Как считают перевалы - Станислав Гагарин страница 2.

Шрифт
Фон

Вкусно пахнут тушеные куропатки с картошкой! Валерий снимал крышку с кастрюли, с наслаждением водил носом слева направо и справа налево, хмурился, цокал языком и уже с досадой смотрел на часы.

Минуло полчаса. Подходил срок передачи метеонаблюдений.

Валерий выходил на крыльцо. Сначала сердито, потом как-то беспокойно смотрел на безразличный частокол лиственниц.

Густая тень поглотила их домик. Он вышел на крыльцо снова и увидел, как над северной частью горизонта поднимается белый сегмент.

Печь уже остывала, когда Валерий услышал, как скрипнула дверь.

Часто дыша, опираясь на ствол ружья, за порогом стоял Николай.

Он поднял ногу, занес ее, силясь шагнуть. Медленно наклонился. И начал падать. Вперед и немного в сторону.


«Я провозился с ним весь вечер. Дело сложнее, чем я думал. Он поломал лыжи.
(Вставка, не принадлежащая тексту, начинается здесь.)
(* Let $G$ be a graph and let $K$ be a cut-set of the complement $\overline{G}$. Then for every induced subgraph $H$ of $G$, \[\chi(G) \leq \frac{1}{2} \left(\omega(G) + \Delta(G) + 1 \right) + \frac{4\chi(G[K]) + 3\chi(H \smallsetminus K) - |H \smallsetminus K|}{4}.\]
   Context: All graphs are finite and simple with non-empty vertex set. $|G|$ denotes the number of vertices, $\chi$ the chromatic number, $\omega$ the clique number, $\Delta$ the maximum degree. $\overline{G}$ is the complement of $G$. A cut-set of $\overline{G}$ is a set $K$ of vertices such that $\overline{G} - K$ is disconnected. $G[K]$ is the subgraph of $G$ induced by $K$, and $H \smallsetminus K$ is the subgraph of $G$ induced by $V(H)\setminus K$. By convention a graph on the empty vertex set has chromatic number $0$ and $0$ vertices. *)

(* A simple graph on a finite vertex type T is a
   symmetric irreflexive boolean relation e : rel T (vertex set = T). *)
From mathcomp Require Import all_boot all_order.
Set Implicit Arguments. Unset Strict Implicit. Unset Printing Implicit Defensive.

Section Graphs.
Variables (T : finType) (e : rel T).

Definition simple_graph : Prop := [/\ symmetric e, irreflexive e & 0 < #|T|].
Lemma inv_subW_mut :
 (forall t j w, invT (subWT j w t) = subst_o j (invW w) (invT t)) /\
 (forall q j w, invQ (subWQ j w q) = subst_oj j (invW w) (invQ q)) /\
 (forall v j w, invW (subWW j w v) = subst_o j (invW w) (invW v)) /\
 (forall k j w X, invK (subWK j w k) (subst_o j (invW w) X) = subst_oj j (invW w) (invK k X)).
Proof.
 apply target_ind; intros; simpl; rewrite ?H, ?H0, ?invW_shK, ?invW_shW; auto.
 all: try (destruct (n =? j); auto; destruct (j <? n); auto).
Qed.
Lemma invT_subW t j w : invT (subWT j w t) = subst_o j (invW w) (invT t).
Proof. apply inv_subW_mut. Qed.
Lemma invQ_subW q j w : invQ (subWQ j w q) = subst_oj j (invW w) (invQ q).
Proof. apply inv_subW_mut. Qed.

Lemma inv_subK_KVar_mut :
 (forall t j n, invT (subKT j (KVar n) t) = crn j n (invT t)) /\
 (forall q j n, invQ (subKQ j (KVar n) q) = crnj j n (invQ q)) /\
 (forall v j n, invW (subKW j (KVar n) v) = crn j n (invW v)) /\
 (forall k j n X, invK (subKK j (KVar n) k) (crn j n X) = crnj j n (invK k X)).
Proof.
 apply target_ind; intros; simpl; rewrite ?H, ?H0; auto.
 all: try (destruct (n =? j); auto; destruct (j <? n); auto).
Qed.
Lemma invQ_subK_KVar q j n : invQ (subKQ j (KVar n) q) = crnj j n (invQ q).
Proof. apply inv_subK_KVar_mut. Qed.

Lemma jhead_invQ_shK q : jhead (invQ (shKQ 0 q)) = S (jhead (invQ q)).
Proof. rewrite invQ_shK, shkj_ren, jhead_ren. auto. Qed.
Lemma jbody_invQ_shK q : jbody (invQ (shKQ 0 q)) = shk 0 (jbody (invQ q)).
Proof. rewrite invQ_shK, shkj_ren, jbody_ren, shk_ren. auto. Qed.
Lemma jhead_invQ_shW q : jhead (invQ (shWQ 1 q)) = jhead (invQ q).
Proof. rewrite invQ_shW, shoj_ren, jhead_ren. auto. Qed.
Lemma jbody_invQ_shW q : jbody (invQ (shWQ 1 q)) = sho 1 (jbody (invQ q)).
Proof. rewrite invQ_shW, shoj_ren, jbody_ren, sho_ren. auto. Qed.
Шел по тайге и напоролся на наледь.

Представляешь, окунуться в воду при наших морозах?! Как он добрался, не приложу ума. Ноги я ему оттер, но простудился парень знатно. Вторые сутки наша станция не передает сводки. Увы, рацией я овладеть не успел. Правда, молчание — сигнал о том, что здесь что-то случилось, но АН-2 у нас сейчас не сядет, а вертолеты при температуре ниже минус сорок не летают. А у нас сейчас… впрочем, ладно. Думаю, к утру он отойдет…

Выходил сейчас снять показания. Хоть мы и молчим, но наблюдения — святое дело…
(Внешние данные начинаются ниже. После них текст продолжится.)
Lemma preim_gamma :
  [set x in G | gamma x \in <<[set a ^+ 2; b]>>] = <<[set a ^+ 2; a * b]>>.
Proof.
have aG := dihedral_a defG; have bG := dihedral_b defG.
have gen_a2 c : a ^+ 2 \in <<[set a ^+ 2; c]>> by rewrite mem_gen // !inE eqxx.
have gen_c c : c \in <<[set a ^+ 2; c]>> by rewrite mem_gen // !inE eqxx orbT.
have gamma_a2 : gamma (a ^+ 2) = a ^+ 2 by rewrite expg2 gammaM // gamma_a.
have gammaV_a2 : gamma^-1 (a ^+ 2) = a ^+ 2 by rewrite -{1}gamma_a2 permK.
have gammaV_b : gamma^-1 b = (a ^+ 2)^-1 * (a * b).
  apply: (@perm_inj _ gamma); rewrite permKV gammaM ?groupV ?groupM ?groupX //.
  rewrite (perm_morphV gammaM) ?groupX // gamma_a2 gammaM // gamma_a gamma_b.
  by rewrite [a * (a * b)]mulgA -expg2 mulKg.
apply/setP => x; rewrite inE; apply/andP/idP => [[xG gxH] | xH].
  rewrite -(permK gamma x).
  apply: (perm_morph_gen (perm_inv_morphM gammaG gammaM) _ _ gxH).
    by rewrite subUset !sub1set groupX.
  move=> y; rewrite !inE => /orP[] /eqP ->; rewrite ?gammaV_a2 ?gammaV_b; first exact: gen_a2.
  by apply: groupM; [rewrite groupV; exact: gen_a2 | exact: gen_c].
split.
  by apply: (subsetP _ x xH); rewrite gen_subG subUset !sub1set groupX ?groupM.
apply: (perm_morph_gen gammaM _ _ xH); first by rewrite subUset !sub1set groupX ?groupM.
move=> y; rewrite !inE => /orP[] /eqP ->; first by rewrite gamma_a2; exact: gen_a2.
rewrite gammaM // gamma_a gamma_b mulgA -expg2.
by apply: groupM; [exact: gen_a2 | exact: gen_c].
Qed.

Lemma preim_gammaV :
  [set x in G | gamma^-1 x \in <<[set a ^+ 2; a * b]>>] = <<[set a ^+ 2; b]>>.
Proof.
apply/setP => x; rewrite -preim_gamma !inE permKV (perm_closed _ (perm_onV gammaG)).
rewrite andbA andbb.
apply: andb_idl => /(subsetP _ x); apply.
by rewrite gen_subG subUset !sub1set groupX ?(dihedral_a defG) ?(dihedral_b defG).
Qed.

End DihedralAutomorphism.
Эх, что сейчас делается на небе, Майка! Давно я собираюсь… Ну ладно. Попробую.

Понимаешь, в этом есть что-то пугающее. Сполох… Старинное русское слово «пожар».
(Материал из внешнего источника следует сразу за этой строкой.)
(* Let $p>1$, $N\ge1$ and $M\in\mathbb R$. If $u$ is a ground state of (E) with $u(0)=1$, then there exists a constant $c_{N,p,M}>0$ such that for all $r>0$, $u(r)\le\min\{1,c_{N,p,M}r^{-\frac{2}{p-1}}\}$ and $|u_r(r)|\le c_{N,p,M}r^{-\frac{p+1}{p-1}}$.
   Context: (E) denotes the ODE $-u_{rr}-\frac{N-1}{r}u_r=|u|^{p-1}u+M|u_r|^{\frac{2p}{p+1}}$ for $r>0$. A ground state is a nonnegative $u\in C^2([0,\infty))$ with $u_r(0)=0$ solving (E) on $(0,\infty)$. *)

From Stdlib Require Import Reals.
From Coquelicot Require Import Coquelicot.
Open Scope R_scope.

(* |x|^a for a real exponent a > 0, with the convention 0^a = 0
   (Stdlib's Rpower 0 a = 1, so we treat x = 0 separately). *)
Definition rpow_abs (x a : R) : R :=
  if Req_EM_T x 0 then 0 else Rpower (Rabs x) a.

Definition C2_half_line (u u1 u2 : R -> R) : Prop :=
  (forall r, 0 < r -> is_derive u r (u1 r)) /\
  (forall r, 0 < r -> is_derive u1 r (u2 r)) /\
  filterlim (fun h => (u h - u 0) / h) (at_right 0) (locally (u1 0)) /\
  filterlim (fun h => (u1 h - u1 0) / h) (at_right 0) (locally (u2 0)) /\
  (forall r, 0 <= r ->
     filterlim u2 (within (fun x => 0 <= x) (locally r)) (locally (u2 r))).

Definition solves_E (N : nat) (p M : R) (u u1 u2 : R -> R) : Prop :=
  forall r, 0 < r ->
    - u2 r - (INR N - 1) / r * u1 r
    = rpow_abs (u r) (p - 1) * u r + M * rpow_abs (u1 r) (2 * p / (p + 1)).

Definition ground_state (N : nat) (p M : R) (u : R -> R) : Prop :=
  exists u1 u2 : R -> R,
    C2_half_line u u1 u2 /\
    (forall r, 0 <= r -> 0 <= u r) /\
    u1 0 = 0 /\
    solves_E N p M u u1 u2.

From Stdlib Require Import Reals Lra Lia.
From Coquelicot Require Import Coquelicot.
Open Scope R_scope.

(* Write N = n + 1 and q = 2p/(p+1) > 1.  First u' <= 0: where u' > 0 the
   equation gives u'' <= |M| u'^q, so u'^(1-q) + (q-1)|M| r is nondecreasing
   there, and u' cannot leave the value 0.  Then (r^n u')' = -r^n (u^p + M|u'|^q)
   shows that at each r with u(r) > 0, either the gradient term is comparable to
   u^p somewhere on [r/2, r], giving -u'(r) >= c u(r)^((p+1)/2), or it never is,
   and integrating gives -u'(r) >= u(r)^p r / (4N).  In both cases
   u^(-(p-1)/2) - sigma r has nonnegative slope wherever it is negative, which
   yields u(r) <= (sigma r)^(-2/(p-1)).  The gradient bound follows by comparing
   -u' with -u'(r) on [r, 2r] (if M >= 0) or on [r/2, r] (if M < 0 and u'(r) is
   steep) and integrating. *)

(* Right continuity, encoded by replacing the values of [f] left of [a] with
   [f a]. *)
Definition right_continuous_at (f : R -> R) (a : R) : Prop :=
  continuity_pt (fun x => f (Rmax a x)) a.

Lemma right_continuous_atP f a : right_continuous_at f a ->
  forall eps, 0 < eps -> exists del, 0 < del /\
    forall x, a < x < a + del -> Rabs (f x - f a) < eps.
Proof.
  intros H eps Heps. destruct (H eps Heps) as [del [Hdel Hx]].
  exists del; split; auto. intros x Hx'.
  specialize (Hx x); simpl in Hx; unfold R_dist, D_x, no_cond in Hx.
  rewrite (Rmax_right a x), Rmax_left in Hx by lra.
  apply Hx; split; [split; auto; lra | rewrite Rabs_right; lra].
Qed.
Знаешь, разумом все приемлешь. Магнитные бури, пятна на солнце, светящиеся газы на высоте 250–300 километров. Все это так, но сердцу труднее давать команды, сердце не хочет мириться с формулами и ищет в сполохах свои странные, ему лишь понятные тайны…

Есть такое слово «мерячка». Я, Майка, не верил, да и сейчас верю с трудом, хотя и раньше слышал рассказы старожилов.

Мерячка — это полярная истерия, которой заболевают люди под воздействием северного сияния. Вплоть до психического расстройства.

Верится с трудом. По крайней мере, на себе я этого не чувствую, хотя, знаешь, с трудом заставляешь себя уйти в дом.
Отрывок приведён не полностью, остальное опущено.